Activity – Could you reproduce, from the records below, everything from the line with "Lemma composant_dense x" down to the line with "have [U [W [oU", keeping both of those lines and changing nothing?

Records for this task –

(* Let $A$ be an involutory Hopf algebra in a symmetric monoidal category $\mathcal{C}$ and let $(\phi\colon A\to I,\Omega\colon I\to A)$ be a good pair for $A$, with morphisms $f,h\colon A\to A$ as in axioms (GP4) and (GP5). Then: (a) $\nu_{(\phi,\Omega)}^2=1$; (b) with $H'=(\mathrm{id}_A\otimes\mu)(\Delta\otimes\mathrm{id}_A)$, one has $(\phi\otimes\phi)H'=\phi\otimes\phi$ and $H'(\Omega\otimes\Omega)=\Omega\otimes\Omega$; (c) for each $\epsilon\in\{0,1\}$, $(\mathrm{id}_A\otimes fS^\epsilon\otimes\mathrm{id}_A)\Delta_3\Omega=(\mathrm{id}_A\otimes S^\epsilon\otimes\mathrm{id}_A)\Delta_3\Omega$; (d) for each $\epsilon\in\{0,1\}$, $\phi\mu_3(\mathrm{id}_A\otimes S^\epsilon h\otimes\mathrm{id}_A)=\phi\mu_3(\mathrm{id}_A\otimes S^\epsilon\otimes\mathrm{id}_A)$.
   Context: $\mathcal{C}$ is symmetric monoidal with unit $\mathbb{1}$, symmetry $\tau$, constraints suppressed. An object $I$ is invertible if $I\otimes J\cong\mathbb{1}$ for some $J$; then every $f\in\mathrm{End}(I)$ equals $\|f\|_I\,\mathrm{id}_I$ for a unique scalar $\|f\|_I\in\mathrm{End}(\mathbb{1})$. Hopf algebra $(A,\mu,\eta,\Delta,\varepsilon,S)$: bialgebra with invertible antipode; involutory means $S^2=\mathrm{id}_A$. $\mu_3=\mu(\mu\otimes\mathrm{id}_A)$, $\Delta_3=(\Delta\otimes\mathrm{id}_A)\Delta$. Good pair: a pair $(\phi\colon A\to I,\Omega\colon I\to A)$ with $I$ invertible such that (GP1) $\phi\Omega=\mathrm{id}_I$; (GP2) with $H=(\mu\otimes\mathrm{id}_A)(\mathrm{id}_A\otimes\Delta)$, $(\phi\otimes\phi)H=\phi\otimes\phi$ and $H(\Omega\otimes\Omega)=\Omega\otimes\Omega$; (GP3) with $\nu_{(\phi,\Omega)}=\|\phi S\Omega\|_I$, $\phi S=\nu_{(\phi,\Omega)}\phi$ and $S\Omega=\nu_{(\phi,\Omega)}\Omega$; (GP4) there is $f\colon A\to A$ with $\phi\mu\tau_{A,A}=\phi\mu(f\otimes\mathrm{id}_A)$ and $\Delta\Omega=(f\otimes\mathrm{id}_A)\Delta\Omega$; (GP5) there is $h\colon A\to A$ with $\tau_{A,A}\Delta\Omega=(\mathrm{id}_A\otimes h)\Delta\Omega$ and $\phi\mu=\phi\mu(\mathrm{id}_A\otimes h)$. *)

From Stdlib Require Import ClassicalEpsilon.

Set Implicit Arguments.
Set Universe Polymorphism.
(* Boundary bumping: the quasi-component of [x] in the complement of a small
   neighbourhood [U] of [y] is a proper subcontinuum reaching the open set [V]. *)
Lemma composant_dense x : (exists a b : T, a <> b) -> dense (composant x).
Proof.
move=> ntT V [y Vy] oV.
have [Vx | nVx] := pselect (V x).
  by exists x; split => //; exact: composant_refl.
have cl1 := accessible_closed_set1 (hausdorff_accessible hT).
have clVx : closed (~` V `|` [set x]) by apply: closedU; [exact: open_closedC | exact: cl1].
have yVx0 : [set y] `&` (~` V `|` [set x]) = set0.
  by rewrite -subset0 => _ [-> [|yx]] //; apply: nVx; rewrite -yx.
have [U [W [oU oW yU VxW UW0]]] :=
  compact_normal_open _ _ hT cT (cl1 y) clVx yVx0.
have WU : W `<=` ~` U by apply/disjoints_subset; rewrite setIC.
have Ux : (~` U) x by apply/WU/VxW; right.
have clU : closed (~` U) by exact: open_closedC.
have UT : ~` U <> setT.
  by move=> UT; apply: (_ : (~` U) y) (yU y erefl); rewrite UT.
have [z Qz nWz] : exists2 z, quasi_component (~` U) x z & ~ W z.
  apply: contrapT => noz.
  apply: (quasi_component_not_sub_open cT _ _ clU Ux _ conT UT oW WU) => z Qz.
  by apply: contrapT => nWz; apply: noz; exists z.
exists z; split; first by apply: contrapT => nVz; apply/nWz/VxW; left.
exists (quasi_component (~` U) x); split => //.
- apply: closed_subcontinuum cT (quasi_component_closed _ _) _ _.
    by exists x; exact: quasi_component_refl.
  exact: quasi_component_connected.
- exact: quasi_component_refl.
- move=> QT; have : quasi_component (~` U) x y by rewrite QT.
  by move/(quasi_component_sub _ _ clU Ux); apply; exact: yU.
Qed.

Hypothesis indT : indecomposable T.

Expected answer –
Lemma composant_dense x : (exists a b : T, a <> b) -> dense (composant x).
Proof.
move=> ntT V [y Vy] oV.
have [Vx | nVx] := pselect (V x).
  by exists x; split => //; exact: composant_refl.
have cl1 := accessible_closed_set1 (hausdorff_accessible hT).
have clVx : closed (~` V `|` [set x]) by apply: closedU; [exact: open_closedC | exact: cl1].
have yVx0 : [set y] `&` (~` V `|` [set x]) = set0.
  by rewrite -subset0 => _ [-> [|yx]] //; apply: nVx; rewrite -yx.
have [U [W [oU oW yU VxW UW0]]] :=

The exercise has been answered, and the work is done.